**EXERCISE REQUIREMENTS**
Starting with the line that contains "destruct (Rlt_or_le t (theta m))" and stopping after the line that contains "assert (Ht : theta 1%nat < t < theta n).", return each line below exactly as written, with no others.

**DATA SECTION**
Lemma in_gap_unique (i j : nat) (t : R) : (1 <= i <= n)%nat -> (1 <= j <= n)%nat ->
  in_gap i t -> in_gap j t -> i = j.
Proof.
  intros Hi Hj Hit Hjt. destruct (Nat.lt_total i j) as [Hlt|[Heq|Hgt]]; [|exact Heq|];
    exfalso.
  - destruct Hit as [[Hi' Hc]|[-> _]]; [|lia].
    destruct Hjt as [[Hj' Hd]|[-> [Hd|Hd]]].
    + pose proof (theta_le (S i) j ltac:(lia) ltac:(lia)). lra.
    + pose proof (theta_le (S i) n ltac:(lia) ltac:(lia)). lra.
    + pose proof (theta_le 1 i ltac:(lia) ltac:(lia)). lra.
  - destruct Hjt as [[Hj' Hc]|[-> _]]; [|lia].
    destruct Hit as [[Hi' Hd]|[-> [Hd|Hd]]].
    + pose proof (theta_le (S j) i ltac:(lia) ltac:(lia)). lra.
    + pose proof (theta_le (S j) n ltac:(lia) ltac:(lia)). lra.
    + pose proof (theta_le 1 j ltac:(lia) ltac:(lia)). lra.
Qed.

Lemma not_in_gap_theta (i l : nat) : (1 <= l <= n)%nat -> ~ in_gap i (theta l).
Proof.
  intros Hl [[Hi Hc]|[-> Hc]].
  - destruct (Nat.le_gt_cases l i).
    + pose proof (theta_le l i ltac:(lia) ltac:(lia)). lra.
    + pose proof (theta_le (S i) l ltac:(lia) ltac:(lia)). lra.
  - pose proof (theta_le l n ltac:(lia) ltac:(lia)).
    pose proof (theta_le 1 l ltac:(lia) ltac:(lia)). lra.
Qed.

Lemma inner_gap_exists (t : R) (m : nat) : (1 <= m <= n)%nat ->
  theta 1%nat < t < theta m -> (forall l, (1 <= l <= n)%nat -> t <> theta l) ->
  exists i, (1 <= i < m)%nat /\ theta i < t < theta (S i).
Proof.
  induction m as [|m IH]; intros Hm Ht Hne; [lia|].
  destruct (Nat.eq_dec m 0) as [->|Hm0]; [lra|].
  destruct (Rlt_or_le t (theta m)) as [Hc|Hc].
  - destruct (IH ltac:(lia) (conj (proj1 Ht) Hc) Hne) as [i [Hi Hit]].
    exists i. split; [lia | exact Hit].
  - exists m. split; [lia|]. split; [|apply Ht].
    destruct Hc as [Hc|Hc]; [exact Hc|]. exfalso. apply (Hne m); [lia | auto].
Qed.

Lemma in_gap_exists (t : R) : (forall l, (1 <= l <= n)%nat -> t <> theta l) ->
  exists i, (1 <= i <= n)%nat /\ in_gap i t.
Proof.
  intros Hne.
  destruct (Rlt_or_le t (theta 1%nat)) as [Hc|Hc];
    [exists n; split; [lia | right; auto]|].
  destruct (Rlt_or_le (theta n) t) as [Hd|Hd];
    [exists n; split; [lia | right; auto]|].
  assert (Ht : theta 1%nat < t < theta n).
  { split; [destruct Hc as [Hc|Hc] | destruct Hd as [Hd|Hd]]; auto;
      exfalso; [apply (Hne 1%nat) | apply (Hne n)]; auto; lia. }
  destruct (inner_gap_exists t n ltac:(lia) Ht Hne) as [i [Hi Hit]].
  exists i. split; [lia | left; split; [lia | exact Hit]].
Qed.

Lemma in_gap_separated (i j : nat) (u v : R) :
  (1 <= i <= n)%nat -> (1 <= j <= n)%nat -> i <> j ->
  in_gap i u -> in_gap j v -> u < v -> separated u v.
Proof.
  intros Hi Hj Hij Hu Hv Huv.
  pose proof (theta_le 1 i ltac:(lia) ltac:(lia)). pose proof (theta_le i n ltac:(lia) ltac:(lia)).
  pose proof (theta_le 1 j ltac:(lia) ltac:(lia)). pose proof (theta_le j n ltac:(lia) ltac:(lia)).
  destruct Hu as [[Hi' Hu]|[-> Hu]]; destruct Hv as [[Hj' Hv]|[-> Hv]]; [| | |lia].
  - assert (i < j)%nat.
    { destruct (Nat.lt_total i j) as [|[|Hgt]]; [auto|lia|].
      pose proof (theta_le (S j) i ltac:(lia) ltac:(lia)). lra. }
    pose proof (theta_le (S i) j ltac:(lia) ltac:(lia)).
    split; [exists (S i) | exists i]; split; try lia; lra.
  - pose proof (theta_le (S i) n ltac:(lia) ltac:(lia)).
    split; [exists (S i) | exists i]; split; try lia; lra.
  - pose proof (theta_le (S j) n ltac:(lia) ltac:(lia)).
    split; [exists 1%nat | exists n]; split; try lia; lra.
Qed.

**RESPONSE AREA**
  destruct (Rlt_or_le t (theta m)) as [Hc|Hc].
  - destruct (IH ltac:(lia) (conj (proj1 Ht) Hc) Hne) as [i [Hi Hit]].
    exists i. split; [lia | exact Hit].
  - exists m. split; [lia|]. split; [|apply Ht].
    destruct Hc as [Hc|Hc]; [exact Hc|]. exfalso. apply (Hne m); [lia | auto].
Qed.

Lemma in_gap_exists (t : R) : (forall l, (1 <= l <= n)%nat -> t <> theta l) ->
  exists i, (1 <= i <= n)%nat /\ in_gap i t.
Proof.
  intros Hne.
  destruct (Rlt_or_le t (theta 1%nat)) as [Hc|Hc];
    [exists n; split; [lia | right; auto]|].
  destruct (Rlt_or_le (theta n) t) as [Hd|Hd];
    [exists n; split; [lia | right; auto]|].
  assert (Ht : theta 1%nat < t < theta n).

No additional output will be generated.